Noah and Abraham: 2 approaches to humanity

By Rabbi Howard Wolk
Parashat Noah

This week and next we read about two great personalities: Noah and Abraham. A favorite theme of the rabbis is to compare and contrast the two.

Noah repopulates the world after the Flood; Abraham starts the Jewish people. Noah is the new start of mankind, Abraham, the start of a new nation.

Invariably, Noah suffers by comparison.

Noah builds an ark — but never protests the Flood. He does nothing to try to avert the impending doom. He takes no action to try to save his fellow human beings. Noah is concerned with himself and his family only.

In contrast, Abraham is concerned for humanity at large.

Abraham’s tent is open on all four sides for visitors. He pleads with G-d to save the cities of Sodom and Gomorrah.

He pleads for a child — only after doing all he could for others.

Even when undergoing his brit milah (circumcision), Abraham is concerned with whether it will separate him too much from others. G-d comforts him and says that he will be the “father of a multitude of nations.” Abraham, you will still be able to care for others.

Isn’t it a paradox?

Noah represents universal man; he is the father of all humanity. Yet, he is the one who cares only for himself and his own.

Abraham — the first Jew — cares for the world ahead of himself.

Shouldn’t it be just the opposite?

No, it should not!

The Torah is providing us with two approaches; the rabbis want us to choose Abraham’s way.

Noah was “easygoing.” He represents a fatalistic approach to the world. “You can’t fight fate.”

Nature is overwhelming. If a flood comes, it is best to save ourselves. Noah — the easygoing one — is ready to comply with any situation.

Abraham, on the other hand, is a spiritual revolutionary. He feels that he can and must change the world. His circumcision symbolizes this — man must perfect himself.

Man must heal, cure, transplant.

Man’s spirit is not perfect, either. People have “uncircumcised hearts.” They can change; teshuvah, repentance, is the path.

Society is not perfect. Strive to make it so.

Abraham is the father of many — to teach all people the lesson that they have the capacity to make themselves and their nations better.

Those people who think that nothing can be done about poverty, famine or disease; people who make peace with the presence of oppression in the world; people who out of fear or panic wish to negotiate with terrorists — all make peace with the philosophy of Noah. Noah is the universal man who cared so little for others and was in fact altogether parochial.

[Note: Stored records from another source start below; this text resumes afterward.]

Lemma count_andb (T : Type) (b : bool) (p : pred T) l :
  count (fun x => b && p x) l = if b then count p l else 0%N.
Proof. by case: b => //=; rewrite count_pred0. Qed.

Lemma strip_path_Up H f y w :
  strip_path H f y (Up :: w) = (0 <= y + 1 <= H) && strip_path H f (y + 1) w.
Proof. by rewrite /strip_path /= -andbA. Qed.

Lemma strip_path_Down H f y w :
  strip_path H f y (Down :: w) = (0 <= y - 1 <= H) && strip_path H f (y - 1) w.
Proof. by rewrite /strip_path /= -andbA. Qed.

Lemma strip_path_Flat H f y w :
  strip_path H f y (Flat :: w) = [&& 0 <= y <= H, f || (H != y) & strip_path H f y w].
Proof.
rewrite /strip_path /= addr0 in_cons negb_or.
by case: f (0 <= y <= H) (H != y) (all _ (levels y w)) (last y _ == 0) (H \notin _)
  => [] [] [] [] [] [].
Qed.

Lemma strip_count0 h f y : strip_count h f 0 y = (y == 0)%N.
Proof. by rewrite /strip_count /= /strip_path /= orbT andbT addn0. Qed.

Lemma strip_countS h f n y : (y <= h)%N ->
  strip_count h f n.+1 y = strip_next h f (strip_count h f n) y.
Proof.
move=> le_yh; rewrite /strip_count count_words_S.
rewrite (eq_count (strip_path_Up _ _ _)) (eq_count (strip_path_Down _ _ _)).
rewrite (eq_count (strip_path_Flat _ _ _)) !count_andb /strip_next.
have -> : (0 <= y%:Z + 1 <= h%:Z) = (y < h)%N by apply/idP/idP; lia.
have -> : (0 <= y%:Z - 1 <= h%:Z) = (0 < y)%N by apply/idP/idP; lia.
rewrite (_ : 0 <= y%:Z <= h%:Z); last by lia.
have -> : (h%:Z != y%:Z) = (y != h) by rewrite eqz_nat eq_sym.
have -> : y%:Z + 1 = y.+1%:Z by lia.
case: y le_yh => [|y] _; congr (_ + _ + _).
by have -> : y.+1%:Z - 1 = y%:Z by lia.
Qed.

Lemma horiz_levels_visited x y s : x \in horiz_levels y s -> x \in y :: levels y s.
Proof.
elim: s y => [|a s IH] y //=.
case: a => /=; rewrite ?addr0 ?in_cons; last case/orP => [->//|].
all: by move/IH; rewrite in_cons => /orP[->|->]; rewrite ?orbT.
Qed.

Lemma foldr_max_ge (l : seq int) x : x \in 0 :: l -> x <= foldr Num.max 0 l.
Proof.
have max_ge0 (l' : seq int) : 0 <= foldr Num.max 0 l'.
  by elim: l' => //= a l' IH; rewrite le_max IH orbT.
elim: l => [|y l IH]; first by rewrite mem_seq1 => /eqP ->.
rewrite /= le_max !in_cons => /or3P[/eqP->|/eqP->|xl].
- by rewrite max_ge0 orbT.
- by rewrite lexx.
- by rewrite IH ?orbT // in_cons xl orbT.
Qed.

Lemma path_height_ge0 s : 0 <= path_height s.
Proof. exact/foldr_max_ge/mem_head. Qed.

Lemma horiz_le_height x s : x \in horiz_levels 0 s -> x <= path_height s.
Proof. by move/horiz_levels_visited/foldr_max_ge. Qed.

Lemma path_height_le s (H : int) : 0 <= H ->
  (path_height s <= H) = all (fun x => x <= H) (levels 0 s).
Proof. by rewrite /path_height => H0; elim: (levels 0 s) => //= x l <-; rewrite ge_max. Qed.

Lemma strip_pathE H f s : 0 <= H ->
  strip_path H f 0 s = [&& is_motzkin s, path_height s <= H & f || (H \notin horiz_levels 0 s)].
Proof.
move=> H0; rewrite /strip_path /is_motzkin path_height_le //.
have -> : all (fun x => 0 <= x <= H) (levels 0 s) =
    all (fun x => 0 <= x) (levels 0 s) && all (fun x => x <= H) (levels 0 s).
  by elim: (levels 0 s) => //= x l ->; rewrite -!andbA; congr andb; rewrite andbCA.
by rewrite -!andbA; congr andb; rewrite andbCA.
Qed.

Lemma count_split (T : Type) (a b : pred T) l :
  count a l = (count (fun x => a x && b x) l + count (fun x => a x && ~~ b x) l)%N.
Proof. by elim: l => //= x l ->; case: (a x); case: (b x) => /=; lia. Qed.

Lemma a_count_strip n h : (a_count n h + strip_count h false n 0)%N = strip_count h true n 0.
Proof.
rewrite /strip_count [RHS](count_split _ (fun s => h%:Z \in horiz_levels 0 s)).
congr addn; apply: eq_count => s /=; last by rewrite /strip_path /= andbT -andbA.
rewrite strip_pathE //; case hz: (h%:Z \in _); rewrite ?andbF //.
by rewrite eq_le (horiz_le_height hz) !andbT.
Qed.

Those who see the potential in the world, who seek to improve it, follow Abraham’s lesson. Those Jews who, against all odds, did not accept defeat, despite staggering losses and sacrifices — they represent Jews and Judaism.

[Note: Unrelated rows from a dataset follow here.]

Lemma diagm_posdef (u : 'cV[R]_k) : vdot u (diagm a *m u) <= 0 -> u = 0.
Proof.
have ->: vdot u (diagm a *m u) = \sum_i a i * (u i 0 * u i 0).
  by rewrite vdotE; apply: eq_bigr => i _; rewrite mul_diag_mx !mxE mulrCA.
have term_ge0 i : true -> 0 <= a i * (u i 0 * u i 0).
  by move=> _; apply: mulr_ge0; [exact: ltW | rewrite -expr2 sqr_ge0].
move=> le0; have /(psumr_eq0P term_ge0) u0 : \sum_i a i * (u i 0 * u i 0) = 0.
  by apply/eqP; rewrite eq_le le0 sumr_ge0.
apply/matrixP => i j; rewrite ord1 mxE; apply/eqP.
by have /eqP := u0 i isT; rewrite mulf_eq0 (gt_eqF (a_gt0 i)) mulf_eq0 orbb.
Qed.

End DiagonalMatrix.

Section IncidenceMatrix.
Context {R : realDomainType} {n m : nat} {src tgt : 'I_m -> 'I_n}.
Hypothesis no_loop : forall e, src e != tgt e.

Lemma incidence_trmx_mul (v : 'cV[R]_n) e :
  ((incidence R src tgt)^T *m v) e 0 = v (src e) 0 - v (tgt e) 0.
Proof.
have st := no_loop e; rewrite mxE (bigD1 (src e)) //= (bigD1 (tgt e)) 1?eq_sym //=.
rewrite big1 => [|i /andP[/negPf neq_is /negPf neq_it]].
  by rewrite !mxE eqxx (negPf st) eqxx mul1r mulN1r addr0.
by rewrite !mxE eq_sym neq_is eq_sym neq_it mul0r.
Qed.

Lemma incidence_trmx_kernel_const (v : 'cV[R]_n) :
  weakly_connected src tgt -> (incidence R src tgt)^T *m v = 0 ->
  forall i j, v i 0 = v j 0.
Proof.
move=> connected Cv0 i j.
have edge_eq e : v (src e) 0 = v (tgt e) 0.
  by apply/eqP; rewrite -subr_eq0 -incidence_trmx_mul Cv0 mxE.
have level_closed : fingraph.closed (fun a b => [exists e,
    ((src e == a) && (tgt e == b)) || ((src e == b) && (tgt e == a))])
    [pred l | v l 0 == v i 0].
  move=> a b /existsP[e /orP[] /andP[/eqP <- /eqP <-]];
    by rewrite !inE edge_eq.
have := closed_connect level_closed (connected i j).
by rewrite !inE eqxx => /esym/eqP.
Qed.
Lemma RInt_Gamma_integrand_tail (x : R) :
  exists K, forall b, 1 <= b -> RInt (Gamma_integrand x) 1 b <= K.
Proof.
  destruct (Gamma_integrand_tail_le x) as [K [HK Hle]].
  exists (2 * K). intros b Hb.
  assert (HI : is_RInt (fun t => K * exp (- t / 2)) 1 b
                 (-2 * K * exp (- b / 2) - -2 * K * exp (- 1 / 2))).
  { apply (@is_RInt_derive R_CompleteNormedModule (fun t => -2 * K * exp (- t / 2))).
    - intros t Ht. auto_derive; auto. unfold Rdiv. field.
    - intros t Ht. apply (ex_derive_continuous (fun t => K * exp (- t / 2))).
      auto_derive. exact I. }
  apply Rle_trans with (RInt (fun t => K * exp (- t / 2)) 1 b).
  - apply RInt_le; [lra | apply ex_RInt_pos; auto using Gamma_integrand_continuous; lra
                      | eexists; exact HI |].
    intros t Ht. apply Hle. lra.
  - rewrite (is_RInt_unique _ _ _ _ HI).
    pose proof (exp_pos (- b / 2)). pose proof (exp_pos (- 1 / 2)).
    assert (exp (- 1 / 2) <= 1) by (rewrite <- exp_0; apply exp_le_compat; lra).
    nra.
Qed.

Lemma RInt_Gamma_integrand_bounded (x : R) : 0 < x ->
  exists M, forall a b, 0 < a -> a <= b -> RInt (Gamma_integrand x) a b <= M.
Proof.
  intros Hx. destruct (RInt_Gamma_integrand_tail x) as [K HK].
  exists (/ x + K). intros a b Ha Hab.
  assert (Hm : 0 < Rmin a 1) by (apply Rmin_pos; lra).
  apply Rle_trans with (RInt (Gamma_integrand x) (Rmin a 1) (Rmax b 1)).
  - apply RInt_le_RInt_nonneg; auto using Gamma_integrand_continuous, Rmin_l, Rmax_l.
    intros t _. left. apply Gamma_integrand_pos.
  - rewrite <- (RInt_Chasles _ (Rmin a 1) 1 (Rmax b 1)).
    + change plus with Rplus. apply Rplus_le_compat.
      * apply RInt_Gamma_integrand_head; auto using Rmin_r.
      * apply HK, Rmax_r.
    + apply ex_RInt_pos; auto using Gamma_integrand_continuous, Rmin_r.
    + apply ex_RInt_pos; auto using Gamma_integrand_continuous, Rmax_r; lra.
Qed.

Lemma Gamma_is_sup (x : R) : 0 < x ->
  is_RInt_gen (Gamma_integrand x) (at_right 0) (Rbar_locally p_infty) (Gamma x) /\
  forall a b, 0 < a -> a <= b -> RInt (Gamma_integrand x) a b <= Gamma x.
Proof.
  intros Hx. destruct (RInt_Gamma_integrand_bounded x Hx) as [M HM].
  destruct (ex_RInt_gen_nonneg_bounded (Gamma_integrand x) M) as [l [Hl Hle]];
    auto using Gamma_integrand_continuous.
  { intros t _. left. apply Gamma_integrand_pos. }
  replace (Gamma x) with l; [split; assumption|].
  symmetry. apply is_RInt_gen_unique, Hl.
Qed.

Lemma is_RInt_gen_Gamma (x : R) : 0 < x ->
  is_RInt_gen (Gamma_integrand x) (at_right 0) (Rbar_locally p_infty) (Gamma x).
Proof. intros Hx. apply (Gamma_is_sup x Hx). Qed.

Lemma Gamma_pos (x : R) : 0 < x -> 0 < Gamma x.
Proof.
  intros Hx. apply Rlt_le_trans with (RInt (Gamma_integrand x) 1 2).
  - apply RInt_gt_0; [lra | intros; apply Gamma_integrand_pos
                          | intros; apply Gamma_integrand_continuous; lra].
  - apply (Gamma_is_sup x Hx); lra.
Qed.

Lemma pow_exp_lim_0 (x : R) : 0 < x ->
  filterlim (fun t => exp (x * ln t - t)) (at_right 0) (locally 0).
Proof.
  intros Hx. apply filterlim_locally. intros eps.
  pose proof (cond_pos eps) as Heps.
  eapply filter_imp; [| exact (at_right_0_lt (exp (ln eps / x)) (exp_pos _))].
  intros t [Ht0 Ht]. change (Rabs (exp (x * ln t - t) - 0) < eps).
  rewrite Rminus_0_r, Rabs_pos_eq by (left; apply exp_pos).
  apply ln_increasing in Ht; [| exact Ht0]. rewrite ln_exp in Ht.
  assert (x * ln t < ln eps).
  { apply Rmult_lt_compat_l with (r := x) in Ht; [| exact Hx].
    replace (x * (ln eps / x)) with (ln eps) in Ht by (field; lra). exact Ht. }
  rewrite <- (exp_ln eps) by exact Heps. apply exp_increasing. lra.
Qed.

Lemma pow_exp_lim_pinfty (x : R) : 0 < x ->
  filterlim (fun t => exp (x * ln t - t)) (Rbar_locally p_infty) (locally 0).
Proof.
  intros Hx. apply filterlim_locally. intros eps.
  pose proof (cond_pos eps) as Heps.
  exists (Rmax 1 (2 * (x * ln (2 * x) - ln eps))). intros t Ht.
  pose proof (Rle_lt_trans _ _ _ (Rmax_l _ _) Ht) as H1.
  pose proof (Rle_lt_trans _ _ _ (Rmax_r _ _) Ht) as H2.
  change (Rabs (exp (x * ln t - t) - 0) < eps).
  rewrite Rminus_0_r, Rabs_pos_eq by (left; apply exp_pos).
  assert (Hl : ln t - ln (2 * x) <= t / (2 * x) - 1) by (apply ln_sub_ln_le; lra).
  assert (x * ln t <= x * ln (2 * x) + t / 2 - x).
  { apply Rmult_le_compat_l with (r := x) in Hl; [| lra].
    replace (x * (t / (2 * x) - 1)) with (t / 2 - x) in Hl by (field; lra). lra. }
  rewrite <- (exp_ln eps) by exact Heps. apply exp_increasing. lra.
Qed.

Lemma Gamma_succ (x : R) : 0 < x -> Gamma (x + 1) = x * Gamma x.
Proof.
  intros Hx.
  assert (Hsucc : forall t, Gamma_integrand (x + 1) t = exp (x * ln t - t))
    by (intros t; rewrite Gamma_integrand_exp; f_equal; ring).
  (* integration by parts: [t^x e^-t] is a primitive of the integrand below and vanishes at
     both ends *)
  assert (H0 : is_RInt_gen (fun t => x * Gamma_integrand x t - Gamma_integrand (x + 1) t)
                 (at_right 0) (Rbar_locally p_infty) (0 - 0)).
  { apply is_RInt_gen_derive_0_pinfty with (F := fun t => exp (x * ln t - t)).
    - intros t Ht. rewrite Hsucc, !Gamma_integrand_exp.
      auto_derive; [lra|].
      replace ((x - 1) * ln t - t) with (x * ln t - t + - ln t) by ring.
      rewrite (exp_plus _ (- ln t)), exp_Ropp, exp_ln by lra. unfold Rminus. field. lra.
    - intros t Ht.
      apply (ex_derive_continuous
               (fun t => x * Gamma_integrand x t - Gamma_integrand (x + 1) t)).
      unfold Gamma_integrand, Rpower. auto_derive. lra.
    - apply pow_exp_lim_0, Hx.
    - apply pow_exp_lim_pinfty, Hx. }
  pose proof (is_RInt_gen_comb _ _ x (-1) _ _ (is_RInt_gen_Gamma x Hx) H0) as H.
  apply is_RInt_gen_unique.
  replace (x * Gamma x) with (x * Gamma x + -1 * (0 - 0)) by ring.
  refine (is_RInt_gen_ext _ _ _ _ H).
  apply filter_forall. intros ab t _.
  change (x * Gamma_integrand x t + -1 * (x * Gamma_integrand x t - Gamma_integrand (x + 1) t)
          = Gamma_integrand (x + 1) t).
  ring.
Qed.

Lemma Gamma_integrand_holder (x y l A B t : R) : 0 < A -> 0 < B -> 0 <= l <= 1 ->
  Gamma_integrand (l * x + (1 - l) * y) t <=
  exp (l * ln A + (1 - l) * ln B) * l / A * Gamma_integrand x t +
  exp (l * ln A + (1 - l) * ln B) * (1 - l) / B * Gamma_integrand y t.
Proof.
  intros HA HB Hl. rewrite !Gamma_integrand_exp.
  set (U := (x - 1) * ln t - t). set (V := (y - 1) * ln t - t).
  set (E := l * ln A + (1 - l) * ln B).
  replace ((l * x + (1 - l) * y - 1) * ln t - t)
    with (E + (l * (U - ln A) + (1 - l) * (V - ln B))) by (unfold E, U, V; ring).
  rewrite exp_plus.
  replace (exp E * l / A * exp U + exp E * (1 - l) / B * exp V)
    with (exp E * (l * exp (U - ln A) + (1 - l) * exp (V - ln B))).
  - apply Rmult_le_compat_l; [left; apply exp_pos | apply exp_convex, Hl].
  - unfold Rminus. rewrite !exp_plus, !exp_Ropp, !exp_ln by assumption. field. lra.
Qed.

Lemma ln_Gamma_convex (x y l : R) : 0 < x -> 0 < y -> 0 <= l <= 1 ->
  ln (Gamma (l * x + (1 - l) * y)) <= l * ln (Gamma x) + (1 - l) * ln (Gamma y).
Proof.
  intros Hx Hy Hl.
  assert (Hz : 0 < l * x + (1 - l) * y) by nra.
  pose proof (Gamma_pos x Hx) as HA. pose proof (Gamma_pos y Hy) as HB.
  set (E := l * ln (Gamma x) + (1 - l) * ln (Gamma y)).
  rewrite <- (ln_exp E). apply ln_le; [apply Gamma_pos, Hz|].
  replace (exp E) with (exp E * l / Gamma x * Gamma x + exp E * (1 - l) / Gamma y * Gamma y)
    by (field; lra).
  apply (is_RInt_gen_le_0_pinfty (Gamma_integrand (l * x + (1 - l) * y))
           (fun t => exp E * l / Gamma x * Gamma_integrand x t +
                     exp E * (1 - l) / Gamma y * Gamma_integrand y t)).
  - intros t _. apply Gamma_integrand_holder; assumption.
  - apply is_RInt_gen_Gamma, Hz.
  - apply is_RInt_gen_comb; apply is_RInt_gen_Gamma; assumption.
Qed.

(** * The Bohr-Mollerup approximation of ln Gamma *)

Lemma ln_Gamma_succ (y : R) : 0 < y -> ln (Gamma (y + 1)) = ln y + ln (Gamma y).
Proof. intros Hy. rewrite Gamma_succ, ln_mult; auto using Gamma_pos. Qed.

As you are reading this, it is almost two weeks since the massacre and pogrom in Israel. Painful, devastating losses. Beyond description.

Nevertheless, the spirit of Abraham lives and is put into action by our brethren in Israel. People taking others into their homes; reservists returning to Israel in order to serve — even before being called up; a Jewish man at Kennedy Airport paying for 250 airline seats to allow soldiers to return.

These and other inspiring responses are the teachings of Abraham. Our Jewish DNA is to be positive. Losses, yes; pain, yes. But ultimately the IDF, Israel Defense Forces, will be victorious.

The Midrash describes a Roman tyrant who asked Rabbi Akiva: If G-d wanted man to be circumcised why didn’t He create him so? If G-d loves the poor, why doesn’t He feed them?

Rabbi Akiva answered that we become “a partner with G-d in creation.”

We perfect ourselves through brit milah; we perfect society by feeding and clothing the hungry.

The tyrant wanted the status quo. If people were down, it was to his advantage. He ruled. He wanted men to be half-slaves, half-free. He wanted plebeians and aristocrats.

Rabbi Akiva wanted a mighty striving for perfection. The status quo is no good. Like Abraham, Rabbi Akiva wanted to change things.

Bashert is only after the fact. After you’ve given your all — then you can say it was G-d’s will.

Noah — the universal man — represents a universal tendency to accept the world as it is, to submit to fate.

Abraham presents a Jewish message to the world — not to submit but to change fate.

Shabbat Shalom.

Rabbi Howard Wolk is community chaplain with Jewish Family Service of Greater Dallas; rabbi emeritus, Congregation Shaare Tefilla; and past president, Rabbinic Association of Greater Dallas.